Tiger Logistics

Tiger logistics is a small Third Party Logistics player ( 3PL ). The main business of the company is facilitating the movement of goods by co-ordinating with various agencies across the world. It does not own anything of its own and most of investments are in working capital.
Most of its business (~55%) comes from its multimodal operations ( the movement of goods through multiple modes of transport under a single contract).

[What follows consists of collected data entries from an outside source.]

(* Let $d\ge 1$ and $h\ge 1$ be integers, let $T$ be the complete $d$-ary tree of height $h$, and let $u,v$ be vertices of $T$ with least common ancestor $c$. Let $u'$, $v'$, $c'$ be the distances of $u$, $v$, $c$ respectively from the root. Then the hitting time from $u$ to $v$ is \[f_{h-c'}(d)-f_{h-u'}(d)+g_{h,v'}(d)-g_{h,c'}(d).\]
   Context: The complete $d$-ary tree of height $h$ is the rooted tree in which every vertex at depth less than $h$ has exactly $d$ children and every vertex at depth $h$ is a leaf. For nonnegative integers $n$, $f_0(d)=0$ and for $n\ge1$, $f_n(d)=\left(\sum_{i=0}^{n-1}(2n-2i)d^i\right)-n$. For a positive integer $k$ and nonnegative integer $m$, $g_{k,0}(d)=0$ and for $m\ge1$, $g_{k,m}(d)=\left(\sum_{i=0}^{m-1}(2m-2i)d^{k-i}\right)-m$. A simple random walk moves at each step to a uniformly random neighbor; the hitting time from $x$ to $y$ is the expected number of steps for a simple random walk started at $x$ to first reach $y$. *)

From Stdlib Require Import Reals List Arith.
From Coquelicot Require Import Coquelicot.
Import ListNotations.
Open Scope R_scope.

(* Vertices of the complete d-ary tree of height h are encoded as the words
   (lists) of child indices read from the root: the root is [], and the
   children of x are x ++ [i] for i < d (only when length x < h). *)
Definition is_vertex (d h : nat) (x : list nat) : Prop :=
  (length x <= h)%nat /\ List.Forall (fun i => (i < d)%nat) x.

Definition children (d h : nat) (x : list nat) : list (list nat) :=
  if Nat.ltb (length x) h then map (fun i => x ++ [i]) (List.seq 0 d) else [].

Definition parent_list (x : list nat) : list (list nat) :=
  match x with [] => [] | _ :: _ => [removelast x] end.

Definition nbrs (d h : nat) (x : list nat) : list (list nat) :=
  parent_list x ++ children d h x.

Definition deg (d h : nat) (x : list nat) : nat := length (nbrs d h x).

Definition vdec := list_eq_dec Nat.eq_dec.

(* hit_prob d h y t x = probability that the simple random walk started at x
   first reaches y at exactly step t (first-step decomposition of the
   walk: from x <> y, move to a uniformly random neighbour). *)
Fixpoint hit_prob (d h : nat) (y : list nat) (t : nat) (x : list nat) : R :=
  match t with
  | O => if vdec x y then 1 else 0
  | S t' => if vdec x y then 0
            else / INR (deg d h x) *
                 fold_right Rplus 0 (map (hit_prob d h y t') (nbrs d h x))
  end.

(* H is the hitting time from x to y: the expected value of the first hitting
   time, i.e. the (convergent) sum  sum_t t * P(tau_y = t). *)
Definition is_hitting_time (d h : nat) (x y : list nat) (H : R) : Prop :=
  is_series (fun t => INR t * hit_prob d h y t x) H.

Fixpoint lca (x y : list nat) : list nat :=
  match x, y with
  | a :: x', b :: y' => if Nat.eq_dec a b then a :: lca x' y' else []
  | _, _ => []
  end.

Definition sumR (l : list R) : R := fold_right Rplus 0 l.

Definition f_poly (n : nat) (d : R) : R :=
  match n with
  | O => 0
  | S _ => sumR (map (fun i => (2 * INR n - 2 * INR i) * d ^ i) (List.seq 0 n)) - INR n
  end.

Definition g_poly (k m : nat) (d : R) : R :=
  match m with
  | O => 0
  | S _ => sumR (map (fun i => (2 * INR m - 2 * INR i) * d ^ (k - i)) (List.seq 0 m)) - INR m
  end.

From Stdlib Require Import Reals List Lia Lra.
From Coquelicot Require Import Coquelicot.
Import ListNotations.
Open Scope R_scope.

(* Fix v and let H(x) be the right-hand side with u replaced by x.  H vanishes at v,
   is bounded on the tree, and satisfies the first-step equation
   H(x) = 1 + (mean of H over the neighbours of x) for x <> v: every neighbour of x has
   the same least common ancestor with v as x, except the child of x on the path to v
   and the parent of an ancestor of v, so only depths change and the equation reduces
   to identities for f and g, whose second differences are 2 d^(n+1) and 2 d^(h-m).

   On any graph such an H is the expected hitting time.  With U_t = P(tau > t),
   H(x) = U_0 + ... + U_T + E[H(X_(T+1)); tau > T], and the last term is at most
   (max H) U_T, which tends to 0 since U is non-increasing with bounded partial sums.
   Hence sum_t U_t = H(x), and sum_t t P(tau = t) = sum_t U_t because (n + 1) U_n -> 0
   for a non-increasing summable sequence. *)

Lemma mult_index_le_sum_n (U : nat -> R) :
  (forall n, U (S n) <= U n) -> forall n, INR (S n) * U n <= sum_n U n.
Proof.
  intros Udec n; induction n as [|n IH].
  - rewrite sum_O; simpl; lra.
  - rewrite sum_Sn, S_INR; change plus with Rplus.
    pose proof (Udec n); pose proof (pos_INR (S n)).
    assert (INR (S n) * U (S n) <= INR (S n) * U n) by (apply Rmult_le_compat_l; lra).
    lra.
Qed.

Lemma mult_index_le_sum_n_tail (U : nat -> R) :
  (forall n, U (S n) <= U n) ->
  forall m k, INR k * U (m + k)%nat <= sum_n U (m + k) - sum_n U m.
Proof.
  intros Udec m k; induction k as [|k IH].
  - rewrite Nat.add_0_r; simpl; lra.
  - rewrite Nat.add_succ_r, sum_Sn, S_INR; change plus with Rplus.
    pose proof (Udec (m + k)%nat); pose proof (pos_INR k).
    assert (INR k * U (S (m + k)) <= INR k * U (m + k)%nat) by (apply Rmult_le_compat_l; lra).
    lra.
Qed.

Lemma is_lim_seq_decr_bounded_sum (U : nat -> R) (B : R) :
  (forall n, 0 <= U n) -> (forall n, U (S n) <= U n) -> (forall n, sum_n U n <= B) ->
  is_lim_seq U 0.
Proof.
  intros U0 Udec UB.
  assert (Hinv : is_lim_seq (fun n => B * / INR (S n)) 0).
  { replace (Finite 0) with (Rbar_mult B (Rbar_inv p_infty)) by (simpl; f_equal; ring).
    apply is_lim_seq_scal_l, is_lim_seq_inv; [|discriminate].
    apply (is_lim_seq_incr_1 INR), is_lim_seq_INR. }
  apply (is_lim_seq_le_le (fun _ => 0) U (fun n => B * / INR (S n)) 0);
    [|apply is_lim_seq_const|exact Hinv].
  intros n; split; [apply U0|].
  pose proof (lt_0_INR (S n) ltac:(lia)).
  apply (Rmult_le_reg_l (INR (S n))); [lra|].
  replace (INR (S n) * (B * / INR (S n))) with B by (field; lra).
  pose proof (mult_index_le_sum_n U Udec n); pose proof (UB n); lra.
Qed.

Lemma is_lim_seq_mult_index (U : nat -> R) (L : R) :
  (forall n, 0 <= U n) -> (forall n, U (S n) <= U n) -> is_series U L ->
  is_lim_seq (fun n => INR (S n) * U n) 0.
Proof.
  intros U0 Udec HU.
  assert (Ulim := ex_series_lim_0 U (ex_intro _ L HU)).
  assert (HS : is_lim_seq (sum_n U) L) by exact HU.
  apply is_lim_seq_spec in HS, Ulim; apply is_lim_seq_spec; intros eps.
  destruct (HS (pos_div_2 (pos_div_2 eps))) as [N HN]; simpl in HN.
  assert (HNpos : 0 < INR (S N)) by (apply lt_0_INR; lia).
  destruct (Ulim (mkposreal (eps / 2 / INR (S N))
                   ltac:(apply Rdiv_lt_0_compat; [apply (pos_div_2 eps)|exact HNpos])))
    as [N' HN']; cbn [pos] in HN'.
  exists (N + N')%nat; intros n Hn.
  destruct (Nat.le_exists_sub N n ltac:(lia)) as [k [-> _]]; rewrite Nat.add_comm.
  assert (Htail := mult_index_le_sum_n_tail U Udec N k).
  assert (Hcauchy : sum_n U (N + k) - sum_n U N < eps / 2).
  { pose proof (Rabs_def2 _ _ (HN (N + k)%nat ltac:(lia))).
    pose proof (Rabs_def2 _ _ (HN N (le_n N))); lra. }
  assert (Hsmall : INR (S N) * U (N + k)%nat < eps / 2).
  { pose proof (HN' (N + k)%nat ltac:(lia)) as Hk.
    rewrite Rminus_0_r, Rabs_pos_eq in Hk by apply U0.
    apply (Rmult_lt_compat_l (INR (S N))) in Hk; [|exact HNpos].
    replace (INR (S N) * (eps / 2 / INR (S N))) with (eps / 2) in Hk by (field; lra).
    exact Hk. }
  rewrite Rminus_0_r, Rabs_pos_eq.
  - replace (INR (S (N + k))) with (INR k + INR (S N)) by (rewrite <- plus_INR; apply f_equal; lia).
    lra.
  - apply Rmult_le_pos; [apply pos_INR|apply U0].
Qed.

Lemma sum_n_mult_index (p U : nat -> R) :
  (forall n, p (S n) = U n - U (S n)) ->
  forall n, sum_n (fun t => INR t * p t) n = sum_n U n - INR (S n) * U n :> R.
Proof.
  intros Hp n; induction n as [|n IH].
  - rewrite !sum_O; simpl; ring.
  - rewrite !sum_Sn, IH, Hp; change plus with Rplus; rewrite !S_INR; ring.
Qed.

It has a Multimodal Transport Operator license, an Authorized Economic Operator license and a Custom House Agent License (these 3 are the main licenses required to service customer requirements )
It has three divisions

  1. Multimodal (54% of revenue in FY16)
  2. Transportation (26% revenue)
  3. CHA i.e Custom Clearance (20% revenue)

From handling 10,000 TEUs in 2006 it clocked 73185 TEUs in 2016.
From its top 5 customers contributing to ~50% of its revenue in 2013, the share of the top 5 has dropped to 29% in 2016 ( in 2017 its expected to be 20%). Besides the obvious fact that its business is more diversified now than it was earlier it also means that it is able to attract business from new customers and is able to retain existing ones. It has recently opened offices in Singapore and Dubai. It services 7 verticals

  1. Projects & Heavy Lifts
  2. Automotive ( 2W and 4W)
  3. Yarn & Textiles
  4. Rice & Wheat
  5. Consumer Durables ( LG, Samsung etc)
  6. Cold Chain logistics
  7. Defense

Right now it seems to be concentrated in export logistics ( ~90% of revenue , South America and South Africa) so there is a significant amount of untapped growth in import logistics ( which is higher margin ) , domestic logistics where it doesn’t have a major presence currently. Even in export logistics there is a lot of scope of expansion ( for e.g. US where it doesn’t have a presence). It recently announced its intent to enter into Defence Logistics which is a high margin business. Currently its overall operating margins are hovering around ~5%.
It is important to note that while the overall commodity exports have been coming down since 2014 – Tiger logistics has been increasing its revenue YoY.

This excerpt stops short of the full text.